— RECORDS SUPPLIED —
------

(* Let $f$ be a function as described in the context and $\rho>0$. For $z,\beta\in[0,1]$ let $h(z,\beta)\coloneqq\beta f\left(\frac{z}{\beta}\right)+(1-\beta)f\left(\frac{1-z}{1-\beta}\right)$, and for $d\in\mathbb{N}_+$ and $\beta_1,\dots,\beta_d\in[0,1]$ define $$g_{f,\rho}(\beta_1,\dots,\beta_d)\coloneqq\inf\left\{z\in[0,1]:\inf_{\lambda_1,\dots,\lambda_d\ge0,\ \sum_i\lambda_i=1}h\left(z,\sum_{i=1}^d\lambda_i\beta_i\right)\le\rho\right\}$$ (for $d=1$ this is $g_{f,\rho}(\beta)=\inf\{z\in[0,1]:h(z,\beta)\le\rho\}$). Then for any $d\in\mathbb{N}_+$ and $\beta_1,\dots,\beta_d\in[0,1]$, $$g_{f,\rho}(\beta_1,\dots,\beta_d)=g_{f,\rho}\left(\min_{1\le i\le d}\beta_i\right).$$
   Context: $f:\mathbb{R}\to\mathbb{R}\cup\{+\infty\}$ is a closed convex function with $f(1)=0$ and $f(t)=+\infty$ for $t<0$. *)

From HB Require Import structures.
From mathcomp Require Import all_boot all_order all_algebra.
From mathcomp Require Import all_classical all_reals all_analysis.
Set Implicit Arguments. Unset Strict Implicit. Unset Printing Implicit Defensive.
Import Order.TTheory GRing.Theory Num.Theory.
Import numFieldNormedType.Exports.
Local Open Scope classical_set_scope.
Local Open Scope ring_scope.

Definition proper_ext {R : realType} (f : R -> \bar R) : Prop :=
  forall x, f x != -oo%E.

Definition ext_convex {R : realType} (f : R -> \bar R) : Prop :=
  forall (x y t : R), (0 <= t <= 1)%R ->
    (f (t * x + (1 - t) * y)%R <= t%:E * f x + (1 - t)%R%:E * f y)%E.

Definition epi_closed {R : realType} (f : R -> \bar R) : Prop :=
  closed [set p : R * R | (f p.1 <= p.2%:E)%E].

Definition fdiv_gen {R : realType} (f : R -> \bar R) : Prop :=
  [/\ proper_ext f, ext_convex f, epi_closed f, f 1 = 0%E &
      forall t, t < 0 -> f t = +oo%E].

Definition fslope_inf {R : realType} (f : R -> \bar R) : \bar R :=
  lim ((fun t : R => (f t * (t^-1)%:E)%E) @ +oo).

(* perspective b * f(a/b), with the usual conventions at b = 0:
   0 f(0/0) = 0 and 0 f(a/0) = a * f'(oo) for a > 0 *)
Definition persp {R : realType} (f : R -> \bar R) (a b : R) : \bar R :=
  if 0 < b then (b%:E * f (a / b)%R)%E
  else if a == 0 then 0%E else (a%:E * fslope_inf f)%E.

Definition hfun {R : realType} (f : R -> \bar R) (z b : R) : \bar R :=
  (persp f z b + persp f (1 - z)%R (1 - b)%R)%E.

Definition g1 {R : realType} (f : R -> \bar R) (rho : R) (b : R) : \bar R :=
  ereal_inf [set z%:E | z in [set z : R | 0 <= z <= 1 /\ (hfun f z b <= rho%:E)%E]].

Definition gd {R : realType} (f : R -> \bar R) (rho : R) (d : nat)
  (beta : 'I_d -> R) : \bar R :=
  ereal_inf [set z%:E | z in [set z : R | 0 <= z <= 1 /\
    (ereal_inf [set hfun f z (\sum_(i < d) lam i * beta i)%R |
        lam in [set lam : 'I_d -> R | (forall i, (0 <= lam i)%R) /\
                                       (\sum_(i < d) lam i = 1)%R]]
       <= rho%:E)%E]].

(* h(z, .) is the f-divergence between the Bernoulli laws of parameters z and
   (.); it vanishes at z and is nonnegative by Jensen's inequality.  The
   perspective (a, b) |-> b f(a/b) is convex and vanishes on the diagonal, so
   along the segment from (a, a) to (a, b) it is at most (1 - t) times its value
   at (a, b).  Applied to both terms of h with m = t z + (1 - t) b this gives
   h(z, m) <= (1 - t) h(z, b) <= h(z, b): h(z, .) is nondecreasing on [z, 1].
   At b = 1 the perspective is (1 - z) f'(oo), and f'(oo) dominates every chord
   slope (f(u) - f(1)) / (u - 1).
   Every convex combination of the beta_i lies in [min beta_i, 1] and min beta_i
   is one of them, so for z < min beta_i the inner infimum defining
   g(beta_1, ..., beta_d) is h(z, min beta_i); z = min beta_i is feasible on
   both sides since h(z, z) = 0 < rho. *)

From HB Require Import structures.
From mathcomp Require Import all_boot all_order all_algebra.
From mathcomp Require Import all_classical all_reals all_analysis.
From mathcomp Require Import ring lra.
Set Implicit Arguments. Unset Strict Implicit. Unset Printing Implicit Defensive.
Import Order.TTheory GRing.Theory Num.Theory.
Import numFieldNormedType.Exports.
Local Open Scope classical_set_scope.
Local Open Scope ring_scope.

Lemma ge0_EFinM_neqNy (R : realType) (r : R) (x : \bar R) :
  0 <= r -> x != -oo%E -> (r%:E * x)%E != -oo%E.
Proof.
move=> r0; case: x => [x| |] //= _.
have [->|rn0] := eqVneq r 0; first by rewrite mul0e.
by rewrite gt0_muley // lte_fin lt_neqAle eq_sym rn0.
Qed.

Lemma cvge_sub1_div (R : realType) :
  ((t - 1) / t)%:E @[t --> +oo] --> (1%:E : \bar R).
Proof.
apply/fine_cvgP; split; first by near=> t.
have inv0 : (fun t : R => t^-1) @ +oo --> (0 : R).
  by apply/(@gtr0_cvgV0 _ _ _ _ id); [near=> t | exact: cvg_id].
have cvg1 : (fun t : R => 1 - t^-1) @ +oo --> (1 : R).
  by rewrite -[X in _ --> X]subr0; apply: cvgB => //; exact: cvg_cst.
apply: cvg_trans cvg1.
apply: near_eq_cvg; near=> t; rewrite /= mulrBl divff ?mul1r // gt_eqF //.
Unshelve. all: by end_near.
Qed.

Lemma neqNy_adde_def (R : realDomainType) (x y : \bar R) :
  x != -oo%E -> y != -oo%E -> (x +? y)%E.
Proof. by move=> x_neqNy y_neqNy; apply: ltninfty_adde_def; rewrite inE ltNye. Qed.

Section Perspective.
Variables (R : realType) (f : R -> \bar R).
Hypotheses (f_neqNy : proper_ext f) (f_convex : ext_convex f) (f1 : f 1 = 0%E).

Lemma persp_gt0 a b : 0 < b -> persp f a b = (b%:E * f (a / b))%E.
Proof. by rewrite /persp => ->. Qed.

Lemma persp_b0 a : 0 <= a -> persp f a 0 = (a%:E * fslope_inf f)%E.
Proof.
rewrite /persp ltxx le_eqVlt => /predU1P[<-|a0]; first by rewrite eqxx mul0e.
by rewrite gt_eqF.
Qed.

Lemma persp_diag a : 0 <= a -> persp f a a = 0%E.
Proof.
rewrite le_eqVlt => /predU1P[<-|a0]; first by rewrite /persp ltxx eqxx.
by rewrite persp_gt0 // divff ?gt_eqF // f1 mule0.
Qed.

Lemma hfun_diag z : 0 <= z <= 1 -> hfun f z z = 0%E.
Proof. by case/andP=> z0 z1; rewrite /hfun !persp_diag ?subr_ge0 ?adde0. Qed.

Lemma convex_from_one x t : 0 <= t <= 1 ->
  (f (t * 1 + (1 - t) * x) <= (1 - t)%:E * f x)%E.
Proof. by move=> t01; have := @f_convex 1 x t t01; rewrite f1 mule0 add0e. Qed.

Lemma chord_slope1_le s t : 1 < s -> s <= t ->
  (f s * ((s - 1)^-1)%:E <= f t * ((t - 1)^-1)%:E)%E.
Proof.
move=> s1 st; have t1 : 1 < t by apply: lt_le_trans st.
set a := (t - s) / (t - 1).
have a01 : 0 <= a <= 1.
  rewrite divr_ge0 ?subr_ge0 ?(ltW t1) //= ler_pdivrMr ?subr_gt0 // mul1r.
  by rewrite lerD2l lerN2 ltW.
have fs_le : (f s <= (1 - a)%:E * f t)%E.
  have := @convex_from_one t a a01; rewrite (_ : a * 1 + (1 - a) * t = s) //.
  by rewrite /a; field; rewrite subr_eq0 gt_eqF.
rewrite (_ : (t - 1)^-1 = (1 - a) * (s - 1)^-1); last first.
  by rewrite /a; field; rewrite !subr_eq0 !gt_eqF.
rewrite EFinM muleA (muleC (f t)).
by apply: lee_wpmul2r; rewrite // lee_fin invr_ge0 subr_ge0 ltW.
Qed.

Lemma chord_slope1_le_fslope_inf u : 1 < u ->
  (f u * ((u - 1)^-1)%:E <= fslope_inf f)%E.
Proof.
move=> u1.
(* chord slopes from 1, clamped at u so that Q is nondecreasing on all of R *)
pose Q t := (f (Num.max t u) * ((Num.max t u - 1)^-1)%:E)%E.
have Q_nd : {homo Q : x y / x <= y >-> (x <= y)%E}.
  move=> x y xy; apply: chord_slope1_le; last exact: le_max2.
  by rewrite lt_max u1 orbT.
have Q_cvg : Q t @[t --> +oo] --> ereal_sup (range Q) := nondecreasing_cvge Q_nd.
have QM_def : (ereal_sup (range Q) *? 1%:E)%E.
  case: (boolP (ereal_sup (range Q) \is a fin_num)).
    by move=> /mule_def_fin; apply.
  by move=> /mule_def_infty_neq0; apply.
(* f t / t = Q t * ((t - 1) / t) for t > u, so both have the limit sup Q *)
have := cvgeM QM_def Q_cvg (@cvge_sub1_div R); rewrite mule1 => QM_cvg.
have -> : fslope_inf f = ereal_sup (range Q).
  apply: cvg_lim => //; apply: cvg_trans; last exact: QM_cvg.
  apply: near_eq_cvg.
  near=> t; have ut : u < t by near: t; exists u; split; [exact: num_real | by []].
  rewrite /Q /= max_l ?ltW // -muleA -EFinM; congr (_ * _%:E)%E.
  by field; rewrite subr_eq0 !gt_eqF // ?(lt_trans _ ut) // (lt_trans ltr01).
by apply: ereal_sup_ubound; exists u => //; rewrite /Q maxxx.
Unshelve. all: by end_near.
Qed.

Lemma le_fslope_inf u : 1 <= u -> (f u <= (u - 1)%:E * fslope_inf f)%E.
Proof.
rewrite le_eqVlt => /predU1P[<-|u1]; first by rewrite f1 subrr mul0e.
have u10 : 0 < u - 1 by rewrite subr_gt0.
by rewrite muleC -lee_pdivrMr //; exact: chord_slope1_le_fslope_inf.
Qed.

Lemma fslope_inf_neqNy : fslope_inf f != -oo%E.
Proof.
apply: contra (f_neqNy 2) => /eqP L_Ny.
have := @le_fslope_inf 2 (ler1n _ 2).
by rewrite L_Ny gt0_muleNy ?lte_fin ?subr_gt0 ?ltr1n // leeNy_eq.
Qed.

Lemma persp_neqNy a b : 0 <= a -> 0 <= b -> persp f a b != -oo%E.
Proof.
move=> a0; rewrite le_eqVlt => /predU1P[<-|b0].
  by rewrite persp_b0 // ge0_EFinM_neqNy // fslope_inf_neqNy.
by rewrite persp_gt0 // ge0_EFinM_neqNy ?ltW.
Qed.

Lemma add_fslope_inf_ge0 w : 0 <= w <= 1 ->
  (0 <= f w + (1 - w)%:E * fslope_inf f)%E.
Proof.
move=> /andP[w0 w1]; have half_gt0 : 0 < (2^-1 : R) by rewrite invr_gt0 ltr0n.
have midpoint : (0 <= (2^-1)%:E * f w + (2^-1)%:E * f (2 - w))%E.
  have half01 : 0 <= (2^-1 : R) <= 1 by rewrite ltW //= invf_le1 ?ler1n.
  have := @f_convex w (2 - w) 2^-1 half01; rewrite (_ : 1 - 2^-1 = 2^-1 :> R).
    by rewrite (_ : 2^-1 * w + 2^-1 * (2 - w) = 1) ?f1 //; field.
  by field.
have slope : (f (2 - w) <= (1 - w)%:E * fslope_inf f)%E.
  by have := @le_fslope_inf (2 - w); rewrite (_ : 2 - w - 1 = 1 - w); [apply; lra | ring].
rewrite -(pmule_rge0 _ (_ : 0 < (2^-1)%:E)%E) ?lte_fin // muleDr //; last first.
  by rewrite neqNy_adde_def ?ge0_EFinM_neqNy ?subr_ge0 ?fslope_inf_neqNy.
apply: le_trans midpoint _; apply: leeD2l.
by apply: lee_wpmul2l; [rewrite lee_fin ltW | exact: slope].
Qed.

Lemma hfun_ge0 z b : 0 <= z <= 1 -> 0 <= b <= 1 -> (0 <= hfun f z b)%E.
Proof.
move=> z01 /andP[b0 b1]; have [z0 z1] := andP z01.
have persp_1 a : persp f a 1 = f a by rewrite persp_gt0 // divr1 mul1e.
have [->|b_gt0] := eqVneq b 0.
  rewrite /hfun subr0 persp_1 persp_b0 // addeC.
  by have := @add_fslope_inf_ge0 (1 - z); rewrite subKr; apply; lra.
have [->|b_lt1] := eqVneq b 1.
  by rewrite /hfun subrr persp_1 persp_b0 ?subr_ge0 //; exact: add_fslope_inf_ge0.
have b0' : 0 < b by rewrite lt_neqAle eq_sym b_gt0.
have b1' : 0 < 1 - b by rewrite subr_gt0 lt_neqAle b_lt1.
rewrite /hfun !persp_gt0 //.
have := @f_convex (z / b) ((1 - z) / (1 - b)) b.
rewrite (_ : b * (z / b) + (1 - b) * ((1 - z) / (1 - b)) = 1) ?f1.
  by apply; rewrite b0 b1.
by field; rewrite !gt_eqF.
Qed.

Lemma persp_segment_le a b t : 0 <= a -> 0 <= b -> 0 <= t <= 1 ->
  0 < t * a + (1 - t) * b ->
  (persp f a (t * a + (1 - t) * b) <= (1 - t)%:E * persp f a b)%E.
Proof.
move=> a0 b0 /andP[t0 t1]; set m := t * a + (1 - t) * b => m0.
rewrite persp_gt0 //; move: b0; rewrite le_eqVlt => /predU1P[b0|b0].
  have ta : m = t * a by rewrite /m -b0 mulr0 addr0.
  have t0' : 0 < t.
    rewrite lt_neqAle t0 andbT; apply: contraTneq m0.
    by rewrite ta => <-; rewrite mul0r ltxx.
  have a0' : 0 < a by rewrite -(pmulr_rgt0 _ t0') -ta.
  rewrite -b0 persp_b0 // muleA -EFinM (_ : a / m = t^-1); last first.
    by rewrite ta invfM mulrCA divff ?mulr1 // gt_eqF.
  apply: le_trans (_ : m%:E * ((t^-1 - 1)%:E * fslope_inf f) <= _)%E.
    apply: lee_wpmul2l; first by rewrite lee_fin ltW.
    by apply: le_fslope_inf; rewrite invf_ge1.
  rewrite muleA -EFinM ta (_ : t * a * (t^-1 - 1) = (1 - t) * a) //.
  by field; rewrite gt_eqF.
set lam := t * a / m.
have lam01 : 0 <= lam <= 1.
  rewrite /lam divr_ge0 ?mulr_ge0 ?(ltW m0) //= ler_pdivrMr // mul1r.
  by rewrite /m lerDl mulr_ge0 ?subr_ge0 ?(ltW b0).
have m_lam : m * (1 - lam) = (1 - t) * b.
  by rewrite /lam /m; field; rewrite -/m gt_eqF.
have := @convex_from_one (a / b) lam lam01.
rewrite (_ : lam * 1 + (1 - lam) * (a / b) = a / m); last first.
  by rewrite /lam /m; field; rewrite -/m !gt_eqF.
move=> /(@lee_wpmul2l _ m%:E); rewrite lee_fin ltW // => /(_ isT) /le_trans; apply.
by rewrite persp_gt0 // muleA -EFinM m_lam EFinM muleA.
Qed.

Lemma hfun_le z m b : 0 <= z -> z < m -> m <= b -> b <= 1 ->
  (hfun f z m <= hfun f z b)%E.
Proof.
move=> z0 zm; rewrite le_eqVlt => /predU1P[<- //|mb] b1.
set t := (b - m) / (b - z).
have bz : 0 < b - z by rewrite subr_gt0 (lt_trans zm).
have t01 : 0 <= t <= 1.
  rewrite /t divr_ge0 ?(ltW bz) ?subr_ge0 ?(ltW mb) //= ler_pdivrMr // mul1r.
  by rewrite lerD2l lerN2 ltW.
have m_eq : m = t * z + (1 - t) * b by rewrite /t; field; rewrite gt_eqF.
have m_eq' : 1 - m = t * (1 - z) + (1 - t) * (1 - b) by rewrite m_eq; ring.
have [z1 b0] : z <= 1 /\ 0 <= b by split; lra.
have P1 := @persp_segment_le z b t z0 b0 t01.
have P2 := @persp_segment_le (1 - z) (1 - b) t.
rewrite -m_eq -m_eq' !subr_ge0 subr_gt0 in P1 P2.
rewrite /hfun.
have := leeD (P1 (le_lt_trans z0 zm)) (P2 z1 b1 t01 (lt_le_trans mb b1)).
move/le_trans; apply.
rewrite -muleDr ?fin_numE //; last first.
  by rewrite neqNy_adde_def ?persp_neqNy ?subr_ge0.
apply: gee_pMl; first by rewrite fin_numE.
- by apply: hfun_ge0; rewrite ?z0 ?b0.
- by rewrite lee_fin lerBlDr lerDl; case/andP: t01.
Qed.
End Perspective.

Section ConvexCombination.
Variables (R : numDomainType) (d : nat) (beta lam : 'I_d -> R).
Hypotheses (lam_ge0 : forall i, 0 <= lam i) (lam_sum1 : \sum_(i < d) lam i = 1).

Lemma convex_comb_ge c :
  (forall i, c <= beta i) -> c <= \sum_(i < d) lam i * beta i.
Proof.
move=> c_le; rewrite -[c]mul1r -lam_sum1 big_distrl /=.
by apply: ler_sum => i _; exact: ler_wpM2l.
Qed.

Lemma convex_comb_le c :
  (forall i, beta i <= c) -> \sum_(i < d) lam i * beta i <= c.
Proof.
move=> le_c; rewrite -[c]mul1r -lam_sum1 big_distrl /=.
by apply: ler_sum => i _; exact: ler_wpM2l.
Qed.

End ConvexCombination.

Lemma bigmin_convex_comb (R : realDomainType) d (beta : 'I_d -> R) :
  (0 < d)%N -> (forall i, beta i <= 1) ->
  exists2 lam : 'I_d -> R, (forall i, 0 <= lam i) /\ \sum_(i < d) lam i = 1 &
    \sum_(i < d) lam i * beta i = \big[Num.min/1]_(i < d) beta i.
Proof.
move=> d0 beta_le1.
have [i0 _ ->] : {i0 | i0 \in predT & \big[Num.min/1]_(i < d) beta i = beta i0}.
  by apply: (eq_bigmin (Ordinal d0)) => // i _.
exists (fun i => (i == i0)%:R).
  split=> [i|]; first exact: ler0n.
  by rewrite (bigD1 i0) //= eqxx big1 ?addr0 // => i /negbTE ->.
by rewrite (bigD1 i0) //= eqxx mul1r big1 ?addr0 // => i /negbTE ->; rewrite mul0r.
Qed.

Theorem lemma17 (R : realType) (f : R -> \bar R) (rho : R)
  (hf : fdiv_gen f) (hrho : 0 < rho)
  (d : nat) (hd : (0 < d)%N) (beta : 'I_d -> R)
  (hbeta : forall i, 0 <= beta i <= 1) :
  gd f rho beta = g1 f rho (\big[Num.min/1]_(i < d) beta i).
Proof.
case: hf => f_neqNy f_convex _ f1 _.
have beta_ge0 i : 0 <= beta i by case/andP: (hbeta i).
have beta_le1 i : beta i <= 1 by case/andP: (hbeta i).
have [lam0 [lam0_ge0 lam0_sum1] lam0_m] := bigmin_convex_comb hd beta_le1.
set m := \big[Num.min/1]_(i < d) beta i in lam0_m *.
have m01 : 0 <= m <= 1 by rewrite -lam0_m convex_comb_ge ?convex_comb_le.
apply/le_anti/andP; split.
- apply: ereal_inf_le_tmp => _ [z [z01 hz] <-]; exists z => //; split => //.
  by apply: le_trans hz; apply: ereal_inf_lbound; exists lam0; rewrite ?lam0_m.
- apply: le_ereal_inf_tmp => _ [z [z01 hz] <-].
  have [mz | zm] := leP m z.
    apply: (@le_trans _ _ m%:E); last by rewrite lee_fin.
    apply: ereal_inf_lbound; exists m => //; split => //.
    by rewrite hfun_diag // lee_fin ltW.
  apply: ereal_inf_lbound; exists z => //; split => //.
  apply: le_trans hz; apply: le_ereal_inf_tmp => _ [lam [lam_ge0 lam_sum1] <-].
  apply: hfun_le => //; first by case/andP: z01.
  - by apply: convex_comb_ge => // i; exact: bigmin_le.
  - exact: convex_comb_le.
Qed.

------

Wherever a line of the records above contains the string "forall", copy that line out.

  forall x, f x != -oo%E.
  forall (x y t : R), (0 <= t <= 1)%R ->
      forall t, t < 0 -> f t = +oo%E].
        lam in [set lam : 'I_d -> R | (forall i, (0 <= lam i)%R) /\
Hypotheses (lam_ge0 : forall i, 0 <= lam i) (lam_sum1 : \sum_(i < d) lam i = 1).
  (forall i, c <= beta i) -> c <= \sum_(i < d) lam i * beta i.
  (forall i, beta i <= c) -> \sum_(i < d) lam i * beta i <= c.
  (0 < d)%N -> (forall i, beta i <= 1) ->
  exists2 lam : 'I_d -> R, (forall i, 0 <= lam i) /\ \sum_(i < d) lam i = 1 &
  (hbeta : forall i, 0 <= beta i <= 1) :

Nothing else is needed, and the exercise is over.